Required action:
Line by line, retype the material below exactly, from its first line up to and including the one holding "(wlen wt u p1)%:E = dist E wt Rm u v ->".

Source material:
Theorem lemma3p5 (R : realType) (V : finType) (E : rel V)
  (wt : V -> V -> R) (Wmax : R) (d : nat) (c : R)
  (TC : {set V} -> {set V} -> V -> rtree V)
  (p : nat) (U : nat -> {set V}) (D : {set V}) (s0 t0 f x : V) (P : seq V) :
  (3 <= #|V|)%N ->
  symmetric E -> irreflexive E ->
  (forall u v, wt u v = wt v u) ->
  (forall u v, E u v -> 1 <= wt u v <= Wmax) ->
  (* shortest paths in every subgraph G - Rm are unique *)
  (forall (Rm : {set V}) (u v : V) (p1 p2 : seq V),
     spath_in E Rm u v p1 -> spath_in E Rm u v p2 ->
     (wlen wt u p1)%:E = dist E wt Rm u v ->
     (wlen wt u p2)%:E = dist E wt Rm u v -> p1 = p2) ->
  (2 <= d)%N -> 1 <= c ->
  (* the fixed tree covers: T_Rm(S) is an (S \ Rm)-restricted cover of G - Rm *)
  (forall Rm S : {set V}, tree_cover E wt Rm (S :\: Rm) (TC Rm S)) ->
  (* a root-to-node path U_1 = V, ..., U_p in the hierarchy tree *)
  (1 <= p)%N -> U 1%N = [set: V] ->
  (forall i, (1 <= i < p)%N -> hchild (sth V d c) TC d (U i) (U i.+1)) ->
  U p.+1 = finset.set0 ->
  (* the failed set D *)
  (#|D| <= d)%N ->
  (forall g i w, g \in D -> (1 <= i <= p)%N -> w \in U i :\: U i.+1 ->
     (pdeg (U i :\: U i.+1) (TC (U i.+1) (U i) w) g)%:R <= sth V d c) ->
  s0 \notin D -> t0 \notin D ->
  f \in D -> x \notin D ->
  (lvl U p f <= lvl U p x)%N ->
  (* P is a path in G from x to f containing no vertex of D other than f *)
  spath_in E finset.set0 x f P ->
  (forall y, y \in x :: P -> y \in D -> y = f) ->
  exists2 w, w \in VH TC U p D s0 t0 &
    (dist E wt D x w <= ((2 * kk R V - 1) * wlen wt x P)%:E)%E.
Proof.
move=> V_ge3 E_sym _ wt_sym wt_bnd _ _ _ cover p_gt0 U1 _ Up1 _ _ _ _ fD xD lvl_fx P_spath onlyf.
have wt_ge0 a b : E a b -> 0 <= wt a b by move=> /wt_bnd/andP[/(le_trans ler01)].
have k_ge1 := kk_ge1 R V_ge3.
have k_ge : 0 <= 2 * kk R V - 1 by lra.
have [u uP [uD u_max]] : exists2 u, u \in x :: P &
    u \notin D /\ {in x :: P, forall z, (lvl U p z <= lvl U p u)%N}.
  by apply: exists_argmax_avoid xD _ => z zP zD; rewrite (onlyf z zP zD).
have [j_ge1 le_jp uUj] := lvl_spec p_gt0 U1 u.
have above z : z \in x :: P -> z \notin U (lvl U p u).+1.
  by move=> zP; apply: (notin_U_above Up1); rewrite u_max.
have uf : u != f by apply: contraNneq uD => ->.
have [P1 [P2 [W1 W2 lenP]]] := spath_split wt P_spath uP uf onlyf above.
have uS : u \in U (lvl U p u) :\: U (lvl U p u).+1 by rewrite inE above ?uUj.
have [w0 w0S [T_sub uT fT dep_le]] := tree_cover_walk (cover _ _) k_ge uS W2.
have [g [y [q [gD gT yN Wq len_q]]]] :=
  tree_escape T_sub wt_ge0 E_sym wt_sym w0S uS uT fT uD fD.
exists y.
  apply: mem_VH_NT gD _ w0S gT yN _; first by rewrite j_ge1 le_jp.
  by case: Wq => _ <- /allP; apply; exact: mem_last.
apply: le_trans (dist_le_wlen wt (walk_cat W1 Wq)) _.
rewrite lee_fin wlen_cat lenP; case: W1 W2 => xP1 -> _ [uP2 _ _].
have := wlen_ge0 wt_ge0 xP1; have := wlen_ge0 wt_ge0 uP2; nra.
Qed.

Solution:
Theorem lemma3p5 (R : realType) (V : finType) (E : rel V)
  (wt : V -> V -> R) (Wmax : R) (d : nat) (c : R)
  (TC : {set V} -> {set V} -> V -> rtree V)
  (p : nat) (U : nat -> {set V}) (D : {set V}) (s0 t0 f x : V) (P : seq V) :
  (3 <= #|V|)%N ->
  symmetric E -> irreflexive E ->
  (forall u v, wt u v = wt v u) ->
  (forall u v, E u v -> 1 <= wt u v <= Wmax) ->
  (* shortest paths in every subgraph G - Rm are unique *)
  (forall (Rm : {set V}) (u v : V) (p1 p2 : seq V),
     spath_in E Rm u v p1 -> spath_in E Rm u v p2 ->
     (wlen wt u p1)%:E = dist E wt Rm u v ->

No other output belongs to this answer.